The age in which we live is the age beyond invention, the age in which everything has a reference, and nothing stands uniquely alone. It is an age in which institutions from political parties to religions have become cowardly simpering caricatures of what they might have been in some deeper more sincere age. The towering American edifice lay in smoldering, belching, stinking ruin. From baseball to automobiles to agriculture to motherhood the age is replete with tawdry, hollow imitation. It is of course not a condition limited to America, we are very much a global society in a stupor. I think of China’s hollow communist party and still more hollow capitalism, Russia’s gilded iron fist and India’s hidden castes. There is not the courage among them to embrace fully their own ideologies, everything must be tempered so as not to upset the markets. The great armies of the earth built on noble principle are ranked with corruption. We fail to even respectfully elevate war to its demigod station.

It seems as though we sometimes achieve great things in spirit, but in practice we fail to manage the really exceptional outcomes. Not long after the stimulus package began to gel around a particular monetary value, the critics including those voices on the economy I most respect, began to warn that it simply was not big enough. The moment had come to pass legislation that could remake the American economy, retool our energy infrastructure and modernize our public facilities and institutions, and we had not (yet) seized it. The calm rational voices reassured us that we could not likely have gotten more, considering the slim victory in the US Senate and the opposition in the House. The remnants of the Republican party in Washington were going to reinforce their positions and obstruct to the last congressperson. The media was going to play the advocate of the diabolical, and after all, no one was sure it would work. It is here that I will introduce the idea that there is nothing necessary for the legislation to do beyond all of the particulars. I mean the tangible projects directly undertaken. I think it is clear to most by now that we should not be attempting to restore the economy as we knew it. On the contrary, the intention should be to initiate the creation of something new. If instead the efforts are judged by their ability to reinvigorate the broken system of exploitation and greed we are now emerging from, then I do sorely hope that they fail. Here we are, at this point of opportunity, not unlike the one we stood upon on September twelfth in 2001. May we not see this moment in the same light from some future vantage point.

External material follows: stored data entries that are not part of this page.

(* Let $G$ be an edge-colored graph of order $n\ge 1$. If $e(G)+c(G)\geq \binom{n+1}{2}-1$ and $G$ contains no rainbow triangle, then $G$ belongs to $\mathcal{G}_0$.
   Context: An edge-colored graph is a finite simple graph $G$ with a map $C:E(G)\to\mathbb{N}$. $e(G)=|E(G)|$, $c(G)$ is the number of distinct colors appearing on $E(G)$. A subgraph is rainbow if all its edges have distinct colors, monochromatic if all its edges have the same color. For disjoint $S,S'\subseteq V(G)$, $G[S,S']$ is the bipartite subgraph with classes $S,S'$ and all edges of $G$ between $S$ and $S'$. The family $\mathcal{G}_0$ of edge-colored complete graphs is defined recursively: $K_1\in\mathcal{G}_0$; an edge-colored complete graph $G$ of order $n\ge 2$ belongs to $\mathcal{G}_0$ iff $c(G)=n-1$ and there is a partition $V(G)=V_1\cup V_2$ into nonempty sets such that $G[V_1,V_2]$ is monochromatic and $G[V_i]\in\mathcal{G}_0$ for $i=1,2$. *)

From mathcomp Require Import all_boot.
Set Implicit Arguments. Unset Strict Implicit. Unset Printing Implicit Defensive.

(* An edge-colored finite simple graph on vertex type V: a symmetric irreflexive
   adjacency relation [adj] and a color map [col] (color of edge xy is col x y;
   col is required to be symmetric; its values on non-edges are irrelevant). *)
Definition simple_graph (V : finType) (adj : rel V) :=
  symmetric adj /\ irreflexive adj.

Definition sym_coloring (V : finType) (col : V -> V -> nat) :=
  forall x y, col x y = col y x.

Definition num_edges (V : finType) (adj : rel V) : nat :=
  #|[set [set p.1; p.2] | p in [set p : V * V | adj p.1 p.2]]|.

Definition colors_in (V : finType) (adj : rel V) (col : V -> V -> nat)
    (S : {set V}) : seq nat :=
  undup [seq col x y | x <- enum S, y <- [seq y <- enum S | adj x y]].

Definition num_colors (V : finType) (adj : rel V) (col : V -> V -> nat) : nat :=
  size (colors_in adj col [set: V]).

Definition has_rainbow_triangle (V : finType) (adj : rel V)
    (col : V -> V -> nat) : Prop :=
  exists x y z : V, [/\ adj x y, adj y z & adj x z] /\
    [/\ col x y != col y z, col y z != col x z & col x y != col x z].

Definition complete_on (V : finType) (adj : rel V) (S : {set V}) : Prop :=
  forall x y, x \in S -> y \in S -> x != y -> adj x y.

Inductive inG0 (V : finType) (adj : rel V) (col : V -> V -> nat) :
    {set V} -> Prop :=
  | G0_single : forall S : {set V}, #|S| = 1 -> inG0 adj col S
  | G0_split : forall S S1 S2 : {set V},
      2 <= #|S| ->
      complete_on adj S ->
      size (colors_in adj col S) = #|S| - 1 ->
      S1 != set0 -> S2 != set0 -> [disjoint S1 & S2] -> S1 :|: S2 = S ->
      (exists c, forall x y, x \in S1 -> y \in S2 -> col x y = c) ->
      inG0 adj col S1 -> inG0 adj col S2 ->
      inG0 adj col S.

Definition in_G0 (V : finType) (adj : rel V) (col : V -> V -> nat) : Prop :=
  complete_on adj [set: V] /\ inG0 adj col [set: V].

(* A colour of G[S] that disappears when v is deleted is private to v: it occurs only on
   edges at v, and as there is no rainbow triangle, neighbours of v reached through
   distinct private colours are pairwise non-adjacent.  Hence a vertex v of minimum
   degree has deg v + #private(v) <= |S|, and deleting it shows by induction that
   e(S) + c(S) <= C(|S|+1, 2) - 1, with equality only if S is complete: once S - v is
   complete, v has at most one private colour, so equality forces v to see all of S - v.
   A complete S with c(S) = |S| - 1 splits into two parts joined in a single colour:
   split S - v by induction; either v joins one of the parts, or v sees exactly two
   colours b and d with d private to v, and the b-neighbours of v form one part.  As
   c(S) <= c(S1) + c(S2) + 1 and c(Si) <= |Si| - 1, both parts are again extremal, which
   is the recursion defining G_0. *)

From mathcomp Require Import all_boot zify.
Set Implicit Arguments. Unset Strict Implicit. Unset Printing Implicit Defensive.

Section NoRainbowTriangle.
Variables (V : finType) (adj : rel V) (col : V -> V -> nat).
Hypotheses (adj_sym : symmetric adj) (adj_irr : irreflexive adj).
Hypothesis col_sym : sym_coloring col.
Hypothesis no_rainbow : ~ has_rainbow_triangle adj col.

Local Notation colors := (colors_in adj col).

Lemma nonempty_set_ind (P : {set V} -> Prop) :
    (forall x, P [set x]) ->
    (forall S : {set V}, 1 < #|S| -> (forall v, v \in S -> P (S :\ v)) -> P S) ->
  forall S : {set V}, S != set0 -> P S.
Proof.
move=> P1 PS S; have [n] := ubnP #|S|; elim: n S => // n IH S ltSn nS.
have S_gt0 : 0 < #|S| by rewrite card_gt0.
case: (boolP (#|S| == 1)) => [/cards1P[x ->] // | S_ne1].
have S_gt1 : 1 < #|S| by lia.
apply: PS => // u uS; apply: IH; first by rewrite (cardsD1 u) uS in ltSn.
by rewrite -card_gt0; move: S_gt1; rewrite (cardsD1 u) uS.
Qed.

Lemma complete_onS (S T : {set V}) :
  T \subset S -> complete_on adj S -> complete_on adj T.
Proof. by move=> sTS cS x y /(subsetP sTS) xS /(subsetP sTS); apply: cS. Qed.

Lemma complete_adj_setD1 v (S : {set V}) y :
  v \in S -> complete_on adj S -> y \in S :\ v -> adj v y.
Proof. by move=> vS cS /setD1P[yv yS]; apply: cS; rewrite // eq_sym. Qed.

Lemma adj_setD1 v (S : {set V}) y : y \in S -> adj v y -> y \in S :\ v.
Proof.
by move=> yS avy; rewrite !inE yS andbT; apply: contraTneq avy => ->; rewrite adj_irr.
Qed.

Lemma complete_on_setD1 v (S : {set V}) :
    v \in S -> complete_on adj (S :\ v) -> {in S :\ v, forall y, adj v y} ->
  complete_on adj S.
Proof.
move=> vS cS' av x y xS yS.
have [-> | xv] := eqVneq x v; first by move=> vy; apply: av; rewrite !inE eq_sym vy.
have [-> | yv] := eqVneq y v; first by rewrite adj_sym => _; apply: av; rewrite !inE xv.
by apply: cS'; rewrite !inE ?xv ?yv.
Qed.

Lemma no_rainbow_third x y z :
    adj x y -> adj x z -> adj y z -> col x y != col x z ->
  col y z = col x y \/ col y z = col x z.
Proof.
move=> axy axz ayz nxyz.
case: (eqVneq (col y z) (col x y)) => [|n1]; first by left.
case: (eqVneq (col y z) (col x z)) => [|n2]; first by right.
by case: no_rainbow; exists x, y, z; rewrite eq_sym n1.
Qed.

Lemma colorsP (S : {set V}) c :
  reflect (exists x y, [/\ x \in S, y \in S, adj x y & col x y = c])
          (c \in colors S).
Proof.
rewrite mem_undup; apply: (iffP allpairsPdep).
  move=> [x [y [xS + ->]]]; rewrite mem_filter mem_enum => /andP[axy yS].
  by exists x, y; rewrite -mem_enum.
move=> [x [y [xS yS axy <-]]]; exists x, y.
split=> //; first by rewrite mem_enum.
by rewrite mem_filter axy mem_enum.
Qed.

Lemma uniq_colors (S : {set V}) : uniq (colors S).
Proof. exact: undup_uniq. Qed.

Lemma colors_set1 x : colors [set x] = [::].
Proof.
case E: (colors [set x]) => [//|c s].
have /colorsP[a [b [+ + + _]]] : c \in colors [set x] by rewrite E mem_head.
by rewrite !inE => /eqP-> /eqP->; rewrite adj_irr.
Qed.

Definition private_colors v (S : {set V}) :=
  [seq c <- colors S | c \notin colors (S :\ v)].

Lemma uniq_private_colors v (S : {set V}) : uniq (private_colors v S).
Proof. exact/filter_uniq/uniq_colors. Qed.

Lemma size_colors_setD1 v (S : {set V}) :
  size (colors S) <= size (colors (S :\ v)) + size (private_colors v S).
Proof.
rewrite -(count_predC (mem (colors (S :\ v))) (colors S)) size_filter leq_add2r.
rewrite -size_filter; apply: uniq_leq_size; first exact/filter_uniq/uniq_colors.
by move=> c; rewrite mem_filter => /andP[].
Qed.

Lemma private_color_edge v (S : {set V}) x y :
  col x y \in private_colors v S -> x \in S -> y \in S -> adj x y -> x = v \/ y = v.
Proof.
rewrite mem_filter => /andP[+ _] xS yS axy.
have [-> | xv] := eqVneq x v; first by left.
have [-> | yv] := eqVneq y v; first by right.
by case/colorsP; exists x, y; rewrite !inE xv yv.
Qed.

I wonder about this present age, and about what is possible for us. So much of what we dared not imagine emerges momentarily. It is in these times when it seems there is something in fact to seize, that contemplation may become the subtle obstructor. It will not be a sound excuse to claim that we faced opposition, or that there were doubts, or that the media misled us in a most naive and innocent way. In fact we are now compelled to reach for the exceptional. The exception of which I speak is not a further perfection of something that already exists, it is the invention of some thing entirely novel. Nietzsche refers to “great” individuals or ideas, and how one either exists before or after them. An element of the exceptional is an exceptional impact. Before there can be that impact, we must act. This exceptional action cannot be left to the governments or the institutions that loom above us, but it must be how we all proceed from here.